# Different Sized Cable



## truth (Feb 13, 2008)

Hi
Can we use existing 2core x 70mm2 and 2 core 50mm2 (850m length) cables to carry a 3 phase supply (3 phase and neutral). 

Load : 5KW
Purpose : to feed the UPS unit

Concerns would be from the voltage drop and the terminal voltage difference at the end point. I have worked out the voltage. They are within the limit. 
The reusage of the existing cables will save enormous money (cables, trenches).
No Nearest secure power supply is available. Either to run a new cable or reuse the existing cables.

Could You advise Your opinion please.
Thanks


----------



## 5volts (Jan 11, 2008)

Is the smaller cable going to be able to handle the current?


----------



## frenchelectrican (Mar 15, 2007)

I am not too sure what the UK regulation related to the % of voltage drop max you can be allowed but what i did figured out [ after i change from metric size to the standard size then back to metric after i got the figures done]

is the entrie run will use the 70mm2 and 50mm2 combined or what ??

with the 50mm2 at 415 volts with 5 KW load @ 3 phase you will have about 6 volts [ i did figured with 25mm2 {about the same as #4 wire size } and you will have 10 volt drop at end of the run.[ this baised on 2.5 % max drop]

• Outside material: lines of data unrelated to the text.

Theorem theorem8 (R : realType) (alpha : R) :
  2^-1 <= alpha -> alpha < 1 ->
  exists (T : nat -> finType) (e : forall n, rel (T n)) (w : forall n, T n -> R),
    [/\ (forall n, is_tree (e n)),
        (forall n (x : T n), 0 <= w n x),
        (forall n, wsum (w n) [set: T n] = 1),
        (forall M : R, exists N : nat, forall n : nat, (N <= n)%N ->
            M < OPT (e n) (w n)) &
        (forall n, cent (e n) (w n) alpha >=
            (1 - alpha)^-1 * OPT (e n) (w n) - alpha / (1 - alpha))].
Proof.
move=> half_le_alpha alpha_lt1; have alpha1 := subr_alpha_gt0 alpha_lt1.
exists V, E, (fun n => @W R alpha n); split => [n|n x|n|M|n].
- exact: E_tree.
- exact: W_ge0.
- exact: wsum_W.
- have [N bound] := affine_unbounded alpha1 M.
  by exists N => n /bound; rewrite OPT_W.
- rewrite OPT_W //; apply: le_trans (cent_W_ge half_le_alpha alpha_lt1 n).
  by rewrite le_eqVlt; apply/orP; left; apply/eqP; field; rewrite gt_eqF.
Qed.
Lemma card_focal_with_focus (x0 : vec q n) :
  #|[set y : {ffun 'I_(r - 1) -> vec q n} | focalb x0 y]| <= focal_columns ^ n.
Proof.
set focal_with_x0 := [set y | focalb x0 y].
have inj_code : {in focal_with_x0 &, injective (deviation_code x0)}.
  move=> y1 y2; rewrite !inE => focal1 focal2 /ffunP eq_code.
  apply/ffunP => j; apply/ffunP => i; move: (eq_code i); rewrite !ffunE.
  case: pickP => [j1 dev1|agree1]; case: pickP => [j2 dev2|agree2] //; last first.
    by move: (agree1 j) (agree2 j) => /negbFE/eqP -> /negbFE/eqP ->.
  case=> eq_j12 eq_entry; subst j2.
  have [<- //|neq_j] := eqVneq j1 j.
  have agree y (focal : focalb x0 y) (dev : y j1 i != x0 i) : y j i = x0 i.
    by apply/eqP; apply: contraNT neq_j => /(focal_deviation_uniq focal dev) ->.
  by rewrite (agree _ focal1 dev1) (agree _ focal2 dev2).
rewrite -(card_in_imset inj_code).
have : deviation_code x0 @: focal_with_x0 \subset family (fun i => mem (deviation_alphabet (x0 i))).
  apply/subsetP => _ /imsetP[y _ ->]; apply/familyP => i.
  rewrite ffunE; case: pickP => [j dev|_] /=; rewrite !inE //.
  by apply/orP; right; apply/imsetP; exists (j, y j i); rewrite ?inE.
move/subset_leq_card; rewrite card_family foldrE big_map big_enum /=.
under eq_bigr => i _ do rewrite card_deviation_alphabet.
by rewrite prod_nat_const card_ord.
Qed.

Lemma card_focal_configs : #|focal_configs| <= q ^ n * focal_columns ^ n.
Proof.
rewrite -card_vec; apply: card_pairs_leq => x0.
apply: leq_trans (card_focal_with_focus x0).
by apply: eq_leq; apply: eq_card => y; rewrite !inE.
Qed.

Lemma focal_free_setD_foci (S : {set vec q n}) :
  ~~ contains_focal r
       (S :\: [set c.1 | c in [set c in focal_configs | focal_support c \subset S]]).
Proof.
apply/negP => /existsP[x0] /existsP[y] /and3P[x0S /forallP yS focal].
case/setDP: (x0S) => _ /imsetP[]; exists (x0, y) => //.
rewrite !inE focal /=; apply/subsetP => v; rewrite !inE.
case/orP => [/eqP -> | /imsetP[j _ ->]]; first by case/setDP: x0S.
by case/setDP: (yS j).
Qed.

Lemma g_ff_ge_half m :
  m <= q ^ n -> 2 * focal_columns ^ n * m ^ (r - 1) <= (q ^ n) ^ (r - 1) ->
  m <= 2 * g_ff q r n.
Proof.
move=> le_mN sparse; have [-> //|m_gt0] := posnP m.
have le_mT : m <= #|{: vec q n}| by rewrite card_vec.
have [S card_S] := exists_subset_few_contained card_focal_support le_mT.
set bad := [set c in focal_configs | focal_support c \subset S]; rewrite card_vec => few_bad.
have le_g := leq_card_g_ff (focal_free_setD_foci S); rewrite -/bad in le_g.
have : #|S| - #|bad| <= #|S :\: [set c.1 | c in bad]|.
  rewrite cardsD leq_sub2l //.
  exact: leq_trans (subset_leq_card (subsetIr S _)) (leq_imset_card _ bad).
suff : 2 * #|bad| <= m by lia.
have le_B := card_focal_configs.
have N_gt0 : 0 < q ^ n := leq_trans m_gt0 le_mN.
have expr_pred k : k ^ r = k * k ^ (r - 1) by rewrite -expnS subn1 prednK.
rewrite !expr_pred in few_bad.
have NP_gt0 : 0 < q ^ n * (q ^ n) ^ (r - 1) by rewrite muln_gt0 N_gt0 expn_gt0 N_gt0.
rewrite -(leq_pmul2r NP_gt0) -mulnA.
apply: leq_trans (leq_mul (leqnn 2) few_bad) _.
have := leq_mul le_B (leqnn (m * m ^ (r - 1))).
have := leq_mul sparse (leqnn (q ^ n * m)).
nia.
Qed.
End LowerBound.

Lemma g_ff_gt0 q r n : 0 < q -> 1 < r -> 0 < g_ff q r n.
Proof.
move=> q_gt0 r_gt1; rewrite -(cards1 ([ffun=> Ordinal q_gt0] : vec q n)) leq_card_g_ff //.
apply/negP => /existsP[x0] /existsP[y] /and3P[x0F /forallP yF /and3P[_ /forallP neq_y _]].
have r1_gt0 : 0 < r - 1 by rewrite subn_gt0.
move: (yF (Ordinal r1_gt0)) (neq_y (Ordinal r1_gt0)); rewrite !inE => /eqP ->.
by move: x0F; rewrite inE => /eqP ->; rewrite eqxx.
Qed.

Lemma g_ff_lower_nat q r n : 1 < r ->
  exists m, m <= 2 * g_ff q r n /\
            (q ^ n) ^ (r - 1) < 2 * focal_columns q r ^ n * m.+1 ^ (r - 1).
Proof.
move=> r_gt1; have r1_gt0 : 0 < r - 1 by rewrite subn_gt0.
pose sparse m := 2 * focal_columns q r ^ n * m ^ (r - 1) <= (q ^ n) ^ (r - 1).
have sparse0 : sparse 0 by rewrite /sparse exp0n // muln0.
have sparse_le m : sparse m -> m <= q ^ n.
  move=> sparse_m; rewrite -(leq_exp2r _ _ r1_gt0); apply: leq_trans sparse_m.
  by rewrite leq_pmull // muln_gt0 expn_gt0 /focal_columns addn1.
have [m sparse_m max_m] := ex_maxnP (ex_intro _ 0 sparse0) sparse_le.
exists m; split; last by rewrite ltnNge; apply/negP => /max_m; rewrite ltnn.
exact: (@g_ff_ge_half q r n (ltnW r_gt1) m (sparse_le m sparse_m) sparse_m).
Qed.

(* Imported last because Reals rebinds [_ ^ _] in nat_scope to [Nat.pow]. *)
From Stdlib Require Import Reals Lra.

Lemma natpowE a b : Nat.pow a b = expn a b.
Proof. by elim: b => [|b IHb]; rewrite ?expn0 // expnS -IHb. Qed.

Lemma INR_expn a b : INR (expn a b) = (INR a ^ b)%R.
Proof. by rewrite -natpowE pow_INR. Qed.

Lemma pow_ratio_root_lt a K k n m : 0 < K -> 0 < k ->
  expn (expn a n) k < 2 * expn K n * expn m.+1 k ->
  ((INR a / Rpower (INR K) (/ INR k)) ^ n < 2 * INR m.+1)%R.
Proof.
move=> K_gt0 k_gt0 lt_nat.
have K_gtR : (0 < INR K)%R by apply: (lt_INR 0); apply/ltP.
have k_neq0 : INR k <> 0%R by apply: not_0_INR; lia.
set root := Rpower (INR K) (/ INR k).
have root_gt0 : (0 < root)%R by apply: exp_pos.
have root_pow : (root ^ k = INR K)%R.
  by rewrite -Rpower_pow // Rpower_mult Rinv_l // Rpower_1.
set x := ((INR a / root) ^ n)%R.
have x_ge0 : (0 <= x)%R.
  by apply: pow_le; apply: Rle_mult_inv_pos => //; apply: pos_INR.
have x_pow : (x ^ k * INR K ^ n = (INR a ^ n) ^ k)%R.
  rewrite -root_pow /x -!pow_mult (Nat.mul_comm k n) -Rpow_mult_distr.
  by rewrite /Rdiv Rmult_assoc Rinv_l ?Rmult_1_r //; apply: Rgt_not_eq.
apply: Rnot_le_lt; rewrite S_INR => le_x.
have := lt_INR _ _ (elimT ltP lt_nat); rewrite !mult_INR !INR_expn (S_INR m) [INR 2]/= -x_pow.
apply: Rle_not_lt.
have two_le : (2 <= 2 ^ k)%R by rewrite -{1}(pow_1 2); apply: Rle_pow; [lra | apply/leP].
have : (2 * (INR m + 1) ^ k <= x ^ k)%R.
  apply: Rle_trans (pow_incr _ _ k (conj _ le_x)); last by have := pos_INR m; lra.
  by rewrite Rpow_mult_distr; apply: Rmult_le_compat_r => //; apply: pow_le; have := pos_INR m; lra.
have := pow_lt _ n K_gtR; nra.
Qed.

Theorem theorem3p1 (q r : nat) (hq : 2 <= q) (hr : 3 <= r) :
  exists c : R, (0 < c)%R /\
    forall n : nat, 1 <= n ->
      (c * (INR q / Rpower (INR ((q - 1) * (r - 1) + 1)) (/ INR (r - 1))) ^ n
         <= INR (g_ff q r n))%R /\
      g_ff q r n <= (r - 1) * q ^ ceil_div ((r - 2) * n) (r - 1).
Proof.
have r_gt1 : 1 < r by apply: ltnW.
have q_gt0 : 0 < q by apply: ltnW.
have r1_gt0 : 0 < r - 1 by rewrite subn_gt0.
have K_gt0 : 0 < focal_columns q r by rewrite /focal_columns addn1.
exists (/ 8)%R; split; first lra.
move=> n _; split; last by rewrite natpowE; apply: g_ff_leq.
have [m [le_m_g sparse_succ]] := @g_ff_lower_nat q r n r_gt1.
have := pow_ratio_root_lt K_gt0 r1_gt0 sparse_succ.
have le_nat : 2 * m.+1 <= 8 * g_ff q r n by have := @g_ff_gt0 q r n q_gt0 r_gt1; lia.
have := le_INR _ _ (elimT leP le_nat); rewrite !mult_INR [INR 2]/= [INR 8]/=.
rewrite /focal_columns; lra.
Qed.
(* Let $\mathbf{p}$ be a finite list of distinct predicate constants, and for each $p\in\mathbf{p}$ let $u_p$, $\widehat u_p$ be predicate variables of the arity of $p$, with lists $\mathbf{u}$, $\widehat{\mathbf{u}}$. Then $\big(\neg(\mathbf{u}=\mathbf{p})\big)_{\Sigma 2}$ is logically equivalent to $(\mathbf{u},\widehat{\mathbf{u}})<(\mathbf{p},\neg\mathbf{p})$.
   Context: $\neg\mathbf{p}$ is the list of predicate expressions $\lambda\mathbf{x}\neg p(\mathbf{x})$, $p\in\mathbf{p}$. For predicates/predicate expressions of equal arity, $p\le q$ is $\forall\mathbf{x}(p(\mathbf{x})\to q(\mathbf{x}))$; for tuples $\le$ is componentwise conjunction and $\mathbf{a}<\mathbf{b}$ is $(\mathbf{a}\le\mathbf{b})\land\neg(\mathbf{b}\le\mathbf{a})$; $u_p$ is matched with $p$ and $\widehat u_p$ with $\lambda\mathbf{x}\neg p(\mathbf{x})$. $\mathbf{u}=\mathbf{p}$ is $\bigwedge_{p\in\mathbf{p}}\forall\mathbf{x}(u_p(\mathbf{x})\leftrightarrow p(\mathbf{x}))$. For a formula $F$, $F_{\Sigma 2}$ is the result of substituting in $F$, for each $p\in\mathbf{p}$, the predicate expression $\lambda\mathbf{x}\Big(\big(((\mathbf{u},\widehat{\mathbf{u}})\le(\mathbf{p},\neg\mathbf{p}))\land\neg u_p(\mathbf{x})\land\neg\widehat u_p(\mathbf{x})\big)\leftrightarrow\neg p(\mathbf{x})\Big)$ for $u_p$ (simultaneously for all $p$; the variables $u_p,\widehat u_p$ occurring inside these expressions are not further substituted). *)

From mathcomp Require Import all_boot.
Set Implicit Arguments. Unset Strict Implicit. Unset Printing Implicit Defensive.

(* Predicates are indexed by a finite type I (so they are distinct), with
   arity ar i; a relation of arity n over the domain D is a predicate on
   n-tuples of D. *)

Definition rel (D : Type) (n : nat) := n.-tuple D -> Prop.

Definition interp (I : finType) (ar : I -> nat) (D : Type) :=
  forall i : I, rel D (ar i).

Definition ple (D : Type) (n : nat) (a b : rel D n) : Prop :=
  forall x, a x -> b x.

Definition pnegI (I : finType) (ar : I -> nat) (D : Type)
  (p : interp ar D) : interp ar D := fun i x => ~ p i x.

Definition tle (I : finType) (ar : I -> nat) (D : Type)
  (a b : interp ar D) : Prop := forall i, ple (a i) (b i).

Definition tle2 (I : finType) (ar : I -> nat) (D : Type)
  (a1 a2 b1 b2 : interp ar D) : Prop := tle a1 b1 /\ tle a2 b2.

Definition tlt2 (I : finType) (ar : I -> nat) (D : Type)
  (a1 a2 b1 b2 : interp ar D) : Prop :=
  tle2 a1 a2 b1 b2 /\ ~ tle2 b1 b2 a1 a2.

Definition eqI (I : finType) (ar : I -> nat) (D : Type)
  (u p : interp ar D) : Prop := forall i x, u i x <-> p i x.

Definition notEqF (I : finType) (ar : I -> nat) (D : Type)
  (u p : interp ar D) : Prop := ~ eqI u p.

(* The predicate expression substituted for u_p in F_{Sigma 2}:
   lambda x. ( ((u,uh) <= (p, not p)) /\ ~ u_p x /\ ~ uh_p x ) <-> ~ p x *)
Definition sigma2_expr (I : finType) (ar : I -> nat) (D : Type)
  (u uh p : interp ar D) : interp ar D :=
  fun i x => ((tle2 u uh p (pnegI p) /\ ~ u i x /\ ~ uh i x) <-> ~ p i x).

(* F_{Sigma 2} for F = ~ (u = p): the substitution is simultaneous and the
   occurrences of u, uh inside the expressions are the original ones. *)
Definition notEq_Sigma2 (I : finType) (ar : I -> nat) (D : Type)
  (u uh p : interp ar D) : Prop := notEqF (sigma2_expr u uh p) p.

From mathcomp Require Import all_boot.
From Stdlib Require Import Classical.

(* Classically [(A <-> ~ P) <-> P] is [~ A], so [sigma2_expr u uh p] agrees
   with [p] exactly where the guard [(u, uh) <= (p, ~ p) /\ ~ u_p x /\ ~ uh_p x]
   fails.  If [(u, uh) <= (p, ~ p)] fails, the guard fails everywhere and the
   substituted list equals [p]; if it holds, the guard fails exactly where
   [u_p x \/ uh_p x], which holds everywhere iff [(p, ~ p) <= (u, uh)]. *)

Lemma iff_negr_iff (A P : Prop) : ((A <-> ~ P) <-> P) <-> ~ A.
Proof. by case: (classic P); tauto. Qed.

Section Sigma2.

Variables (I : finType) (ar : I -> nat) (D : Type) (p u uh : interp ar D).

Lemma eqI_sigma2_expr :
  eqI (sigma2_expr u uh p) p <->
  forall (i : I) x, ~ (tle2 u uh p (pnegI p) /\ ~ u i x /\ ~ uh i x).
Proof.
by split=> E i x; apply/(iff_negr_iff _ (p i x)); exact: E.
Qed.

Lemma tle2_ge_iff_cover :
  tle2 u uh p (pnegI p) ->
  tle2 p (pnegI p) u uh <-> forall (i : I) x, u i x \/ uh i x.
Proof.
move=> [le_u le_uh]; split.
  move=> [ge_u ge_uh] i x.
  by case: (classic (p i x)) => [/ge_u | /ge_uh]; auto.
move=> cover; split=> i x px.
  by case: (cover i x) => // /le_uh.
by case: (cover i x) => // /le_u.
Qed.

End Sigma2.

Arguments tle2_ge_iff_cover {I ar D p u uh}.

Theorem lemma6 (I : finType) (ar : I -> nat) (D : Type) (hD : inhabited D)
  (p u uh : interp ar D) :
  notEq_Sigma2 u uh p <-> tlt2 u uh p (pnegI p).
Proof.
rewrite /notEq_Sigma2 /notEqF eqI_sigma2_expr /tlt2.
split.
- move=> neq.
  have le : tle2 u uh p (pnegI p).
    by apply: NNPP => nle; apply: neq => i x [].
  split=> // /(tle2_ge_iff_cover le) cover; apply: neq => i x [_ [nu nuh]].
  by case: (cover i x).
- move=> [le nge] eq; apply/nge/(tle2_ge_iff_cover le) => i x.
  by apply: NNPP => /not_or_and nuuh; apply: (eq i x).
Qed.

[ 50mm2 is about the same as #1 wire size ]
[ 70mm2 is about same between 2/0 and 3/0 size ]
[ 850 Metre is same as 2200feet btw ]

Merci, Marc


----------



## frank (Feb 6, 2007)

You can. The only thing neccessay to keep an eye on is that the two seperate cable runs do not travel in different directions. They must all pass through the desired route side by side and through any metalwork in particular. Min cable sizing is of course the 50mm,

Frank


----------